* Work task: The lines below starting at the line containing "block_part_spans (gap_step indep" and ending at the line containing "by move=> nBlock_il;" are to be repeated exactly, with both ends kept and nothing else added.

* Data extract:
Lemma mrankU_mspan X Y : Y \subset cl X -> r (X :|: Y) = r X.
Proof.
move=> sY; apply/eqP; rewrite eqn_leq [r X <= _]mrankS ?subsetUl // andbT.
have [I [sIX iI eI]] := mrank_basis X; rewrite leqNgt -eI; apply/negP => ltI.
have [y /setDP[yXY yI] iyI] := mrank_augment (subset_trans sIX (subsetUl X Y)) iI ltI.
have: y \in cl X by case/setUP: yXY => [/(subsetP (subset_mspan X))|/(subsetP sY)].
rewrite inE => /eqP rXy; have := card_le_mrank (setUS [set y] sIX) iyI.
by rewrite cardsU1 yI add1n eI rXy ltnn.
Qed.

Lemma mspan_sub X Y : Y \subset cl X -> cl Y \subset cl X.
Proof.
move=> sY; apply/subsetP => x /(subsetP (mspanS (subsetUr X Y))).
rewrite !inE (mrankU_mspan sY) => /eqP rXYx.
rewrite eqn_leq [r X <= _]mrankS ?subsetU1 // andbT -rXYx mrankS //.
exact: setUS (subsetUl X Y).
Qed.

Lemma mspan_exchange x y X : x \notin cl X -> x \in cl (y |: X) -> y \in cl (x |: X).
Proof.
rewrite !inE => rXx /eqP rXyx.
have rXx1 : r (x |: X) = (r X).+1.
  by apply/eqP; rewrite eqn_leq mrankU1 ltn_neqAle eq_sym rXx mrankS ?subsetU1.
have rXy1 : r (y |: X) = (r X).+1.
  apply/eqP; rewrite eqn_leq mrankU1 -rXx1 -rXyx mrankS //.
  by rewrite setUCA subsetU1.
by rewrite setUCA rXyx rXx1 rXy1.
Qed.

End Matroid.

Lemma BsetS (T : finType) (lvl : T -> option int) (X : {set T}) (I J : pred int) :
  subpred I J -> Bset lvl X I \subset Bset lvl X J.
Proof.
by move=> sIJ; apply/subsetP => y; rewrite !inE => /andP[->]; case: (lvl y).
Qed.

Lemma eq_Bset (T : finType) (lvl : T -> option int) (X : {set T}) (I J : pred int) :
  I =1 J -> Bset lvl X I = Bset lvl X J.
Proof. by move=> eIJ; apply/setP => y; rewrite !inE; case: (lvl y) => // k; rewrite eIJ. Qed.

Lemma setIU1l (T : finType) (x : T) (A C : {set T}) :
  (x |: A) :&: C = if x \in C then x |: (A :&: C) else A :&: C.
Proof.
apply/setP => y; case: ifP => xC; rewrite !inE.
by case: eqVneq => [->|]; rewrite ?xC ?andbT.
by case: eqVneq => [->|]; rewrite ?xC ?andbF.
Qed.

Section CriticalTuple.
Variables Block Gd Bd : int -> pred int.
Hypothesis crit : critical_tuple Block Gd Bd.

Lemma critical_Bd_Gd i : nonempty (Block i) -> subpred (Bd i) (Gd i).
Proof.
by move=> ne_i x Bd_ix; have [[_ -> //]] := crit (lexx i) ne_i ne_i; rewrite Bd_ix orbT.
Qed.

(* Whether the block of l is that of i, above it, or below it. *)
Lemma critical_block_cases i l : nonempty (Block i) -> nonempty (Block l) ->
  [\/ Block i l /\ Gd l =1 Gd i,
      ~~ Block i l /\ subpred (Gd l) (Bd i) |
      ~~ Block i l /\ subpred (Gd i) (Bd l)].
Proof.
move=> ne_i ne_l; have [[Block_ll _] _] := crit (lexx l) ne_l ne_l.
case: (ltgtP l i) => [lt_li|lt_il|<-]; last by constructor 1.
- have [_ [blocks eq_block above _]] := crit (ltW lt_li) ne_i ne_l.
  case: (blocks lt_li) => [eBil|sep].
    by constructor 1; rewrite eBil; split=> // x; case: (eq_block eBil) => ->.
  have [_ sGi _] := above sep; constructor 3; split=> //.
  by apply/negP => Block_il; have := sep l l Block_il Block_ll; rewrite ltxx.
- have [_ [blocks eq_block above _]] := crit (ltW lt_il) ne_l ne_i.
  case: (blocks lt_il) => [eBli|sep].
    by constructor 1; rewrite -eBli; split=> // x; case: (eq_block eBli) => ->.
  have [_ sGl _] := above sep; constructor 2; split=> //.
  by apply/negP => Block_il; have := sep l l Block_ll Block_il; rewrite ltxx.
Qed.

End CriticalTuple.

Section GapInvariant.
Variables (T : finType) (indep : {set T} -> bool) (lvl : T -> option int).
Variables (F : {set T}) (Block Gd Bd : int -> pred int) (i : int) (e : T).
Hypothesis indep_matroid : matroid indep.
Hypothesis crit : critical_tuple Block Gd Bd.
Hypothesis ne_i : nonempty (Block i).
Local Notation cl := (mspan indep).
Local Notation G := (Bset lvl F (Gd i)).
Local Notation B := (Bset lvl F (Bd i)).
Local Notation C := (Bset lvl (~: F) (Block i)).
Hypothesis e_G : e \in cl G.

Definition block_part_spans (P : {set T}) : Prop :=
  forall Y : {set T}, B \subset Y -> Y \subset cl G ->
  e \in cl (P :|: Y) -> e \in cl ((P :&: C) :|: Y).

Lemma block_part_spans_step P x : x \notin F -> block_part_spans P ->
  block_part_spans (gap_step indep lvl F Block Gd Bd P x).
Proof.
move=> xF invP; rewrite /gap_step; case lvl_x: (lvl x) => [l|] //.
case: ifP => // /and3P[/asboolP ne_l x_Gl x_Bl] Y BY YG.
have mspanS := mspanS indep_matroid.
have x_notin_C : ~~ Block i l -> (x \in C) = false.
  by move=> nBlock_il; rewrite !inE lvl_x (negbTE nBlock_il) andbF.
have [[Block_il eGd]|[nBlock_il sGl]|[nBlock_il sGi]] :=
  critical_block_cases crit ne_i ne_l.
- have xC : x \in C by rewrite !inE xF lvl_x.
  have x_G : x \in cl G by rewrite -(eq_Bset lvl F eGd).
  rewrite setIU1l xC -!setUA !(setUCA [set x]); apply: invP.
  + by rewrite subsetU // BY orbT.
  + by rewrite subUset sub1set x_G YG.
- rewrite setIU1l x_notin_C // -setUA => e_xPY; apply: invP => //.
  apply: (subsetP (mspan_sub indep_matroid _)) e_xPY.
  rewrite subUset subset_mspan andbT sub1set; apply: (subsetP (mspanS _ _ _)) x_Gl.
  exact: subset_trans (BsetS lvl F sGl) (subset_trans BY (subsetUr P Y)).
- rewrite setIU1l x_notin_C // -setUA => e_xPY; apply: invP => //.
  apply/negPn/negP => e_PY; move/negP: x_Bl; apply.
  have G_PBl : cl G \subset cl (P :|: Bset lvl F (Bd l)).
    exact/mspanS/(subset_trans (BsetS lvl F sGi))/subsetUr.
  have x_ePY := mspan_exchange indep_matroid e_PY e_xPY.
  apply: (subsetP (mspan_sub indep_matroid _)) x_ePY.
  rewrite !subUset sub1set (subsetP G_PBl) // (subset_trans YG G_PBl) andbT.
  exact: subset_trans (subsetUl _ _) (subset_mspan _ _).
Qed.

* Output:
  block_part_spans (gap_step indep lvl F Block Gd Bd P x).
Proof.
move=> xF invP; rewrite /gap_step; case lvl_x: (lvl x) => [l|] //.
case: ifP => // /and3P[/asboolP ne_l x_Gl x_Bl] Y BY YG.
have mspanS := mspanS indep_matroid.
have x_notin_C : ~~ Block i l -> (x \in C) = false.
  by move=> nBlock_il; rewrite !inE lvl_x (negbTE nBlock_il) andbF.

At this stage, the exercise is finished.